Lemma walk_in_window (y : nat -> nat) (P s lo w n : nat) :
  (forall j, j <= n -> lo <= y j <= lo + w) ->
  (forall j, j < n -> y j.+1 = y j + s \/ y j.+1 + P = y j + s) ->
  (w < s -> n * (P - s) <= w) /\ (w < P - s -> n * s <= w).
Proof.
move=> y_in y_step; split=> long_step.
  have down j : j < n -> y j.+1 + P = y j + s.
    move=> lt_jn; have := y_in j (ltnW lt_jn); have := y_in j.+1 lt_jn.
    have := y_step j lt_jn; lia.
  have := telescope_nat down; have := y_in 0 isT; have := y_in n (leqnn n).
  rewrite mulnBr; lia.
have up j : j < n -> y j.+1 + 0 = y j + s.
  move=> lt_jn; have := y_in j (ltnW lt_jn); have := y_in j.+1 lt_jn.
  have := y_step j lt_jn; lia.
have := telescope_nat up; have := y_in 0 isT; have := y_in n (leqnn n); lia.
Qed.

Lemma modnD_cases (x c N : nat) : c < N ->
  (x + c) %% N = x %% N + c \/ (x + c) %% N + N = x %% N + c.
Proof.
move=> lt_cN; have N_gt0 : 0 < N by lia.
rewrite modnD // (modn_small lt_cN); have := ltn_pmod x N_gt0.
by case: (leqP N (x %% N + c)); [right|left]; lia.
Qed.

Lemma mid_third_small (N k : nat) : N %/ 3 <= k <= N - N %/ 3 -> in_mid_third N k.
Proof.
move=> k_mid; rewrite /in_mid_third.
case: (ltnP k N) => [lt_kN|le_Nk]; first by rewrite modn_small.
have -> : k = N by lia.
rewrite modnn; lia.
Qed.

Lemma mid_third_opp (N x y : nat) : N %| x + y -> in_mid_third N x -> in_mid_third N y.
Proof.
case: (posnP N) => [->|N_gt0]; first by rewrite dvd0n /in_mid_third !modn0; lia.
rewrite /dvdn -modnDm /in_mid_third.
have := ltn_pmod x N_gt0; have := ltn_pmod y N_gt0.
move: (x %% N) (y %% N) => a b lt_aN lt_bN.
case: (ltnP (a + b) N) => [lt_abN|le_Nab]; first by rewrite modn_small //; lia.
have -> : a + b = (a + b - N) + N by lia.
rewrite modnDr modn_small; lia.
Qed.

> [DESCRIPTION OF THE TASK]: Repeat the data exactly, with every line included.

> [TASK ANSWER]:
Lemma walk_in_window (y : nat -> nat) (P s lo w n : nat) :
  (forall j, j <= n -> lo <= y j <= lo + w) ->
  (forall j, j < n -> y j.+1 = y j + s \/ y j.+1 + P = y j + s) ->
  (w < s -> n * (P - s) <= w) /\ (w < P - s -> n * s <= w).
Proof.
move=> y_in y_step; split=> long_step.
  have down j : j < n -> y j.+1 + P = y j + s.
    move=> lt_jn; have := y_in j (ltnW lt_jn); have := y_in j.+1 lt_jn.
    have := y_step j lt_jn; lia.
  have := telescope_nat down; have := y_in 0 isT; have := y_in n (leqnn n).
  rewrite mulnBr; lia.
have up j : j < n -> y j.+1 + 0 = y j + s.
  move=> lt_jn; have := y_in j (ltnW lt_jn); have := y_in j.+1 lt_jn.
  have := y_step j lt_jn; lia.
have := telescope_nat up; have := y_in 0 isT; have := y_in n (leqnn n); lia.
Qed.

Lemma modnD_cases (x c N : nat) : c < N ->
  (x + c) %% N = x %% N + c \/ (x + c) %% N + N = x %% N + c.
Proof.
move=> lt_cN; have N_gt0 : 0 < N by lia.
rewrite modnD // (modn_small lt_cN); have := ltn_pmod x N_gt0.
by case: (leqP N (x %% N + c)); [right|left]; lia.
Qed.

Lemma mid_third_small (N k : nat) : N %/ 3 <= k <= N - N %/ 3 -> in_mid_third N k.
Proof.
move=> k_mid; rewrite /in_mid_third.
case: (ltnP k N) => [lt_kN|le_Nk]; first by rewrite modn_small.
have -> : k = N by lia.
rewrite modnn; lia.
Qed.

Lemma mid_third_opp (N x y : nat) : N %| x + y -> in_mid_third N x -> in_mid_third N y.
Proof.
case: (posnP N) => [->|N_gt0]; first by rewrite dvd0n /in_mid_third !modn0; lia.
rewrite /dvdn -modnDm /in_mid_third.
have := ltn_pmod x N_gt0; have := ltn_pmod y N_gt0.
move: (x %% N) (y %% N) => a b lt_aN lt_bN.
case: (ltnP (a + b) N) => [lt_abN|le_Nab]; first by rewrite modn_small //; lia.
have -> : a + b = (a + b - N) + N by lia.
rewrite modnDr modn_small; lia.
Qed.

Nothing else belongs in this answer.